O verbo e a carne
Luciano Palm
Luciano Palm
No princípio, toda energia se concentrava no espaço diminuto da ponta de uma agulha. O êxtase da explosão inicial nos fez maiores do que qualquer imaginário miserável pudesse captar, a expansão do universo é a contradição cruel da pequenez do ser aprisionado ao corpo que só consegue se desvendar na incompletude do discurso. Toda palavra, concebida na limitação inconstante da linguagem, é tão mais complexa e limitada do que a simplicidade e plenitude daquilo que se sente.
Complicamos excessiva- e desnecessariamente as maravilhas da alma, porque somos prisioneiros rendidos pelas delícias do corpo. O que se sente não tem forma, nem cor, nem cheiro, vive na plenitude do inaudito. Estamos fadados à incompletude, mas nossas expectativas não se cansam de planar sobre novos horizontes (possíveis ou impossíveis), como flechas selvagens e indomáveis que se recusam a se resumir as limitações do corpo e nem as extravagâncias da alma. Por que falar, se o grito e o silêncio são o eco de toda possibilidade do ser. Quero gritar em meio ao silêncio de tudo aquilo que ainda não vivemos. Quero ousar novos passos, arriscar novos caminhos e desafiar constantes tropeços, pois, quero viver como quem dança e não morrer como quem rasteja. De que me interessa toda lógica, quando o absurdo se configurou, desde a muito, em regra universal. Bobagens vãs, murmuradas em bocas infantis, lógica e absurdo não são dois lados distintos de uma mesma moeda, senão que são a própria moeda, o valor de troca e de consumo dos êxtases e frustrações dos seres cotidianos.
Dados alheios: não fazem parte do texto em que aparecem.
(* Adding the element (first_one+1) + m of S to elements i + m of S shows
   that the folded word is admissible. *)
Lemma folded_admissible : admissible first_one folded.
Proof.
apply/allP => t; rewrite mem_iota add0n size_folded => /andP[_ ht].
apply/and3P; split; apply/implyP.
- by move=> htk; have := before_find (0,0) htk; rewrite /= => ->.
- move=> /eqP htk.
  have hk : has (fun p : nat * nat => p.1 == 1) folded.
    by rewrite has_find -/first_one -htk size_folded.
  by rewrite htk; exact: (nth_find (0,0) hk).
- move=> hkt; have hkn : first_one < npairs by apply: ltn_trans hkt ht.
  have hk : has (fun p : nat * nat => p.1 == 1) folded.
    by rewrite has_find -/first_one size_folded.
  have := nth_find (0,0) hk; rewrite -/first_one nth_folded //= kunz_eq1 => gk.
  set t' := t - first_one.+1.
  have ht' : t' < npairs by rewrite /t'; lia.
  rewrite !nth_folded //= /compatible /=.
  apply/andP; split; apply/negP => /andP[h3 h1]; rewrite kunz_eq1 in h1;
    rewrite kunz_eq3 in h3; have := not_gap_add S h1 gk.
  + have -> : t'.+1 + m + (first_one.+1 + m) = t.+1 + 2 * m by rewrite /t'; lia.
    by rewrite h3.
  + have -> : m - 2 - t + m + (first_one.+1 + m) = m - 2 - t' + 2 * m.
      by rewrite /t' /npairs in ht ht' *; lia.
    by rewrite h3.
Qed.

(* The residues covered by the folded word, and the points i + j m (j < 3) of
   their residue classes among which its weight counts the gaps. *)
Definition folded_residues : seq nat :=
  [seq t.+1 | t <- iota 0 npairs] ++ [seq m - 2 - t | t <- iota 0 npairs].

Definition folded_points : seq nat := [seq i + j * m | i <- folded_residues, j <- iota 0 3].

(* The folded residues are distinct nonzero residues mod m, so the folded
   points are pairwise distinct. *)
Lemma folded_residue_range i : i \in folded_residues -> 0 < i < m.
Proof.
have := mult_gt1; rewrite mem_cat => m1 /orP[] /mapP[t];
  rewrite mem_iota add0n /npairs => /andP[_ ht] ->; lia.
Qed.

Lemma uniq_folded_residues : uniq folded_residues.
Proof.
rewrite cat_uniq; apply/and3P; split.
- by rewrite map_inj_uniq ?iota_uniq // => a b [].
- apply/hasPn => x /mapP[t]; rewrite mem_iota add0n => /andP[_ ht] ->.
  apply/negP => /mapP[t']; rewrite mem_iota add0n /npairs in ht * => /andP[_ ht'].
  lia.
- rewrite map_inj_in_uniq ?iota_uniq // => a b; rewrite !mem_iota !add0n /npairs.
  move=> /andP[_ ha] /andP[_ hb]; lia.
Qed.

Lemma uniq_folded_points : uniq folded_points.
Proof.
apply: allpairs_uniq; [exact: uniq_folded_residues | exact: iota_uniq |].
move=> [i j] [i' j'] /allpairsP[[a b] [ha _ [-> ->]]] /allpairsP[[a' b'] [ha' _ [-> ->]]] /= e.
have /andP[_ am] := folded_residue_range ha; have /andP[_ a'm] := folded_residue_range ha'.
have m0 : 0 < m by exact: (mult_gt0 S).
have ea : a = a'.
  by have := congr1 (modn^~ m) e; rewrite ![_ + _ * m]addnC !modnMDl !modn_small.
subst a'; have := congr1 (divn^~ m) e.
by rewrite ![_ + _ * m]addnC !divnMDl // divn_small // !addn0 => ->.
Qed.

Lemma kunz_count i : 0 < i < m -> kunz i = count gap [seq i + j * m | j <- iota 0 3].
Proof.
move=> hi; rewrite /= mul0n mul1n addn0 (gap_below_mult S hi) /kunz.
by case: (gap _); case: (gap _).
Qed.

Lemma weight_folded : weight folded = count gap folded_points.
Proof.
have -> : weight folded = \sum_(i <- folded_residues) kunz i.
  by rewrite /weight big_map /folded_residues big_cat !big_map big_split.
rewrite /folded_points count_flatten sumnE !big_map; apply: eq_big_seq => i hi.
exact: kunz_count (folded_residue_range hi).
Qed.

End Kunz.

Lemma gap_determined gap1 gap2 m : frob3m gap1 m -> frob3m gap2 m ->
  folded gap1 m = folded gap2 m -> middle gap1 m = middle gap2 m -> gap1 =1 gap2.
Proof.
move=> S1 S2 ew em y; rewrite (gap_kunz S1) (gap_kunz S2) /gap_of_kunz.
suff ex i : 0 < i < m -> kunz gap1 m i = kunz gap2 m i.
  case: (eqVneq (y %% m) 0) => [->|hne] //=.
  by rewrite ex // lt0n hne ltn_pmod // (mult_gt0 S1).
move=> /andP[hi0 him]; have hm2 := mult_gt1 S1.
have [->|hne] := eqVneq i (m - 1); first by rewrite !kunz_last.
have [h1|h1] := leqP i (npairs m).
  have ht : i.-1 < npairs m by lia.
  have := congr1 (fun w => (nth (0,0) w i.-1).1) ew.
  by rewrite /= !nth_folded //= prednK.
have [h2|h2] := leqP (m - 1 - npairs m) i.
  have ht : m - 2 - i < npairs m by rewrite /npairs in h1 h2 *; lia.
  have := congr1 (fun w => (nth (0,0) w (m - 2 - i)).2) ew; rewrite /= !nth_folded //=.
  by have -> : m - 2 - (m - 2 - i) = i by lia.
by have -> : i = (m - 1)./2 by rewrite /npairs in h1 h2; lia.
Qed.

Section GapSets.
Variable N : nat.
Implicit Types (G : {set 'I_N}).

Lemma in_gapP G n : reflect (exists2 i, i \in G & val i = n) (in_gap G n).
Proof.
apply: (iffP existsP) => [[i /andP[iG /eqP e]]|[i iG e]]; first by exists i.
by exists i; rewrite iG e eqxx.
Qed.

Lemma in_gap_lt G n : in_gap G n -> n < N.
Proof. by case/in_gapP => i _ <-; exact: ltn_ord. Qed.

Lemma in_gap_ord G (i : 'I_N) : in_gap G i = (i \in G).
Proof.
apply/in_gapP/idP => [[j jG ej]|iG]; last by exists i.
by rewrite (_ : i = j) //; apply: val_inj.
Qed.

Lemma frob3m_of_gapset G (m : 'I_N.+1) : nsg_gapset G -> is_multiplicity G m ->
  is_frobenius G (3 * m - 1) -> frob3m (in_gap G) m.
Proof.
move=> /andP[h0 /forallP hadd] /and3P[m0 mS /forallP mlow] /andP[hf /forallP hbig].
have hmN : m <= N by rewrite -ltnS ltn_ord.
split => //.
- move=> a b ha hb; apply/negP => gab; have abN := in_gap_lt gab.
  have aN : a < N by apply: leq_ltn_trans abN; exact: leq_addr.
  have bN : b < N by apply: leq_ltn_trans abN; exact: leq_addl.
  have := hadd (Ordinal aN) => /forallP /(_ (Ordinal bN)) /=.
  by rewrite ha hb gab.
- move=> j hj; have hjN : j < N by case/andP: hj => _ h; exact: leq_trans h hmN.
  by have := mlow (Ordinal hjN); rewrite /= hj.
- move=> y hy; have hyN := in_gap_lt hy.
  by have := hbig (Ordinal hyN); rewrite /= hy.
Qed.

Lemma count_gap_le G s : uniq s -> count (in_gap G) s <= #|G|.
Proof.
move=> us; rewrite -size_filter cardE -(size_map val).
apply: uniq_leq_size; first exact: filter_uniq.
move=> y; rewrite mem_filter => /andP[/in_gapP[i iG <-] _].
by apply: map_f; rewrite mem_enum.
Qed.

End GapSets.

Local Open Scope ring_scope.

Lemma sum_injective_le (R : numDomainType) (T : finType) (K : eqType)
    (P : pred T) (f : T -> K) (s : seq K) (h : K -> R) :
  {in P &, injective f} -> (forall x, P x -> f x \in s) -> uniq s ->
  (forall y, 0 <= h y) ->
  \sum_(x | P x) h (f x) <= \sum_(y <- s) h y.
Proof.
move=> finj fs us h0.
rewrite -big_filter -(big_map f predT h); set s0 := map f _.
have us0 : uniq s0.
  rewrite map_inj_in_uniq ?filter_uniq ?index_enum_uniq //.
  by move=> x y; rewrite !mem_filter => /andP[px _] /andP[py _]; apply: finj.
rewrite [X in _ <= X](bigID (mem s0) predT) /= -[X in X <= _]addr0.
apply: lerD; last by apply: sumr_ge0 => y _; exact: h0.
have ps : perm_eq [seq y <- s | y \in s0] s0.
  apply: uniq_perm => //; first exact: filter_uniq.
  move=> y; rewrite mem_filter; apply/andP/idP => [[]//|ys0]; split => //.
  by move: ys0 => /mapP[x]; rewrite mem_filter => /andP[px _] ->; apply: fs.
by rewrite -[X in _ <= X]big_filter (perm_big _ ps).
Qed.

Section Count.
Variable g : nat.
Local Notation N := (3 * g + 3)%N.

Definition frob3m_sets := [set G : {set 'I_N} |
  [&& nsg_gapset G, #|G| == g & frob_is_3m_minus_1 G]].

Definition mult_of (G : {set 'I_N}) : nat :=
  if [pick m : 'I_N.+1 | is_multiplicity G m && is_frobenius G (3 * m - 1)]
  is Some m then val m else 0.

Lemma mult_of_spec G : G \in frob3m_sets ->
  frob3m (in_gap G) (mult_of G) /\ (mult_of G <= N)%N.
Proof.
rewrite inE => /and3P[hn _ /existsP[m0 hm0]].
rewrite /mult_of; case: pickP => [m /andP[h1 h2]|/(_ m0)]; last by rewrite hm0.
by split; [exact: frob3m_of_gapset | rewrite -ltnS ltn_ord].
Qed.

Definition word_of G := folded (in_gap G) (mult_of G).

(* Besides its folded word, a semigroup is determined by the key
   (m, position of the first 1, middle coordinate), which takes at most
   (N+1)^2 * 4 values. *)
Definition key_of G : 'I_N.+1 * 'I_N.+1 * 'I_4 :=
  (inord (mult_of G), inord (first_one (in_gap G) (mult_of G)),
   inord (middle (in_gap G) (mult_of G))).

Lemma key_of_val G : G \in frob3m_sets ->
  [/\ val (key_of G).1.1 = mult_of G, val (key_of G).1.2 = first_one (in_gap G) (mult_of G)
    & val (key_of G).2 = middle (in_gap G) (mult_of G)].
Proof.
move=> hG; have [S mN] := mult_of_spec hG.
rewrite /key_of /= !inordK // ?ltnS //.
- by case/andP: (kunz_bounds (in_gap G) (mult_of G) ((mult_of G - 1)./2)).
- by apply: leq_trans (find_size _ _) _; rewrite size_folded /npairs; lia.
Qed.

Lemma weight_word_of_le G : G \in frob3m_sets -> (weight (word_of G) <= g)%N.
Proof.
move=> hG; have [S _] := mult_of_spec hG.
move: hG; rewrite inE => /and3P[_ /eqP gG _].
rewrite -[X in (_ <= X)%N]gG /word_of (weight_folded S).
exact: count_gap_le (uniq_folded_points S).
Qed.

Lemma key_word_inj G1 G2 : G1 \in frob3m_sets -> G2 \in frob3m_sets ->
  key_of G1 = key_of G2 -> word_of G1 = word_of G2 -> G1 = G2.
Proof.
move=> h1 h2 ek ew.
have [S1 _] := mult_of_spec h1; have [S2 _] := mult_of_spec h2.
have [m1 _ mid1] := key_of_val h1; have [m2 _ mid2] := key_of_val h2.
have em : mult_of G1 = mult_of G2 by rewrite -m1 -m2 ek.
have emid : middle (in_gap G1) (mult_of G1) = middle (in_gap G2) (mult_of G2).
  by rewrite -mid1 -mid2 ek.
move: S1 ew emid; rewrite /word_of em => S1 ew emid.
have e := gap_determined S1 S2 ew emid.
by apply/setP => i; rewrite -!in_gap_ord e.
Qed.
O discurso racional é camaleão das inconstâncias das volições existenciais, tradução infiel do querer. Limito-me a escrever o que a pouco senti (e não vivi), desperdiçando palavreado covarde e preguiçoso.
Mas a palavra é tudo o que temos, somos e podemos ser. As Sagradas Escrituras se equivocaram, o verbo não se fez carne, nós somos o verbo... o corpo (a carne) é apenas o veículo, a prisão, a fortaleza, a muralha, o santuário, o refúgio, o abrigo. Mas a estranha reciprocidade entre o verbo e a carne, confunde suas coxas, os dois se enroscam de maneira tal que é impossível distinguir um do outro. São cúmplices de suas angústias e êxtases, de suas aventuras e desventuras.